**** Source material ****

Lemma mxentD X Y x y : mxent (X + Y) x y = mxent X x y + mxent Y x y.
Proof. by rewrite /mxent mxE. Qed.

Lemma mxentN X x y : mxent (- X) x y = - mxent X x y.
Proof. by rewrite /mxent mxE. Qed.

Lemma mxentB X Y x y : mxent (X - Y) x y = mxent X x y - mxent Y x y.
Proof. by rewrite mxentD mxentN. Qed.

Lemma mxent1 x y : mxent 1 x y = kdelta x y.
Proof. by rewrite /mxent mxE (inj_eq (@enum_rank_inj _)). Qed.

Definition monomial_mx (pi : T -> T) (s : T -> A) : 'M[A]_N :=
  mxfun (fun u v => kdelta v (pi u) * s u).

Lemma mxent_monomial_mul pi s X x y :
  mxent (monomial_mx pi s * X) x y = s x * mxent X (pi x) y.
Proof.
rewrite mxent_mul; under eq_bigr => z _ do rewrite mxent_fun -mulrA.
by rewrite sum_kdelta.
Qed.

Lemma mxent_mul_monomial pi s : involutive pi -> forall X x y,
  mxent (X * monomial_mx pi s) x y = mxent X x (pi y) * s (pi y).
Proof.
move=> piK X x y; rewrite mxent_mul.
under eq_bigr => z _ do rewrite mxent_fun mulrA -kdeltaC -mulrA.
have kdelta_pi z : kdelta y (pi z) = kdelta z (pi y) :> A.
  by rewrite /kdelta eq_sym (inv_eq piK).
under eq_bigr => z _ do rewrite kdelta_pi.
by rewrite sum_kdelta.
Qed.

End IndexedMatrix.
Arguments mxent {A T} X x y.
Arguments mxfun {A T} F.
Arguments monomial_mx {A T} pi s.

Lemma expr_conj (R : pzRingType) (P X : R) s :
  P * P = 1 -> (P * X * P) ^+ s = P * X ^+ s * P.
Proof.
move=> PP; elim: s => [|s IH]; first by rewrite !expr0 mulr1 PP.
by rewrite exprSr IH [X ^+ s.+1]exprSr !mulrA -(mulrA _ P P) PP mulr1.
Qed.

Section SuperMatrix.
Variables (n : nat) (A : pzRingType) (e f : nat -> nat -> A).

Definition sidx := ('I_n * bool)%type.

Definition gen (p : bool) (i j : 'I_n) : A := if p then f i.+1 j.+1 else e i.+1 j.+1.
Arguments gen : simpl never.

(* The supermatrix [[e, -f], [f, -e]] of generators, indexed by [sidx]. *)
Definition smx (a b : sidx) : A := (-1) ^+ b.2 * gen (a.2 (+) b.2) a.1 b.1.

Fixpoint smx_pow (r : nat) (a b : sidx) : A :=
  if r is r'.+1 then \sum_z smx a z * smx_pow r' z b else kdelta a b.

Lemma smx_pow1 a b : smx_pow 1 a b = smx a b.
Proof. by rewrite /= sum_kdelta_r. Qed.

Lemma smx_powSr r a b : smx_pow r.+1 a b = \sum_z smx_pow r a z * smx z b.
Proof.
elim: r a b => [|r IH] a b.
  by rewrite smx_pow1 /=; under eq_bigr => z _ do rewrite kdelta_sym; rewrite sum_kdelta.
have -> : smx_pow r.+2 a b = \sum_z smx a z * smx_pow r.+1 z b by [].
under eq_bigr => z _ do rewrite IH big_distrr.
rewrite exchange_big /=; apply: eq_bigr => w _.
by rewrite big_distrl /=; apply: eq_bigr => z _; rewrite mulrA.
Qed.

Definition pflip (a : sidx) : sidx := (a.1, ~~ a.2).

Lemma pflipK : involutive pflip.
Proof. by case=> i p; rewrite /pflip /= negbK. Qed.

Lemma smx_pow_pflip r a b :
  smx_pow r (pflip a) (pflip b) = (-1) ^+ odd r * smx_pow r a b.
Proof.
elim: r a b => [|r IH] a b.
  by rewrite /= /kdelta (inj_eq (can_inj pflipK)) mul1r.
rewrite /= (reindex pflip) /=; last by exists pflip => ? _; rewrite pflipK.
rewrite big_distrr /=; apply: eq_bigr => w _.
rewrite IH; case: a w => [ai ap] [wi wp]; rewrite /smx /pflip /=.
by case: ap; case: wp; case: (odd r); sign_simpl; rewrite ?negbK.
Qed.

Definition sidx2 := (sidx * sidx)%type.
Local Notation N := #|{: sidx2}|.

(* On the super tensor square, [lmx r] is T^r ⊗ 1 with its Koszul sign, [swap_mx]
   the super flip P and [tswap_mx] the flip Q composed with the parity change on
   both factors; [rmx s] is then 1 ⊗ T^s. *)
Definition lmx r : 'M[A]_N :=
  mxfun (fun x y => kdelta x.2 y.2 * ((-1) ^+ ((x.1.2 (+) y.1.2) && x.2.2) * smx_pow r x.1 y.1)).

Definition swap2 (x : sidx2) : sidx2 := (x.2, x.1).
Definition swap_sign (x : sidx2) : A := (-1) ^+ (x.1.2 && x.2.2).
Definition tswap2 (x : sidx2) : sidx2 := (pflip x.2, pflip x.1).
Definition tswap_sign (x : sidx2) : A := (-1) ^+ (x.2.2 (+) (x.1.2 && x.2.2)).

Definition swap_mx : 'M[A]_N := monomial_mx swap2 swap_sign.
Definition tswap_mx : 'M[A]_N := monomial_mx tswap2 tswap_sign.
Definition rmx s := swap_mx * lmx s * swap_mx.

Lemma swap2K : involutive swap2. Proof. by case. Qed.
Lemma tswap2K : involutive tswap2. Proof. by case=> a b; rewrite /tswap2 /= !pflipK. Qed.

Lemma mxent_swap_mul X x y : mxent (swap_mx * X) x y = swap_sign x * mxent X (swap2 x) y.
Proof. exact: mxent_monomial_mul. Qed.
Lemma mxent_tswap_mul X x y : mxent (tswap_mx * X) x y = tswap_sign x * mxent X (tswap2 x) y.
Proof. exact: mxent_monomial_mul. Qed.
Lemma mxent_mul_swap X x y :
  mxent (X * swap_mx) x y = mxent X x (swap2 y) * swap_sign (swap2 y).
Proof. exact: mxent_mul_monomial swap2K _ _ _. Qed.
Lemma mxent_mul_tswap X x y :
  mxent (X * tswap_mx) x y = mxent X x (tswap2 y) * tswap_sign (tswap2 y).
Proof. exact: mxent_mul_monomial tswap2K _ _ _. Qed.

****

Would you please write out, exactly and with no other lines, the stretch of the listing above from the line containing "have kdelta_pi z" through the line containing "Definition gen (p"?

Your response:
have kdelta_pi z : kdelta y (pi z) = kdelta z (pi y) :> A.
  by rewrite /kdelta eq_sym (inv_eq piK).
under eq_bigr => z _ do rewrite kdelta_pi.
by rewrite sum_kdelta.
Qed.

End IndexedMatrix.
Arguments mxent {A T} X x y.
Arguments mxfun {A T} F.
Arguments monomial_mx {A T} pi s.

Lemma expr_conj (R : pzRingType) (P X : R) s :
  P * P = 1 -> (P * X * P) ^+ s = P * X ^+ s * P.
Proof.
move=> PP; elim: s => [|s IH]; first by rewrite !expr0 mulr1 PP.
by rewrite exprSr IH [X ^+ s.+1]exprSr !mulrA -(mulrA _ P P) PP mulr1.
Qed.

Section SuperMatrix.
Variables (n : nat) (A : pzRingType) (e f : nat -> nat -> A).

Definition sidx := ('I_n * bool)%type.

Definition gen (p : bool) (i j : 'I_n) : A := if p then f i.+1 j.+1 else e i.+1 j.+1.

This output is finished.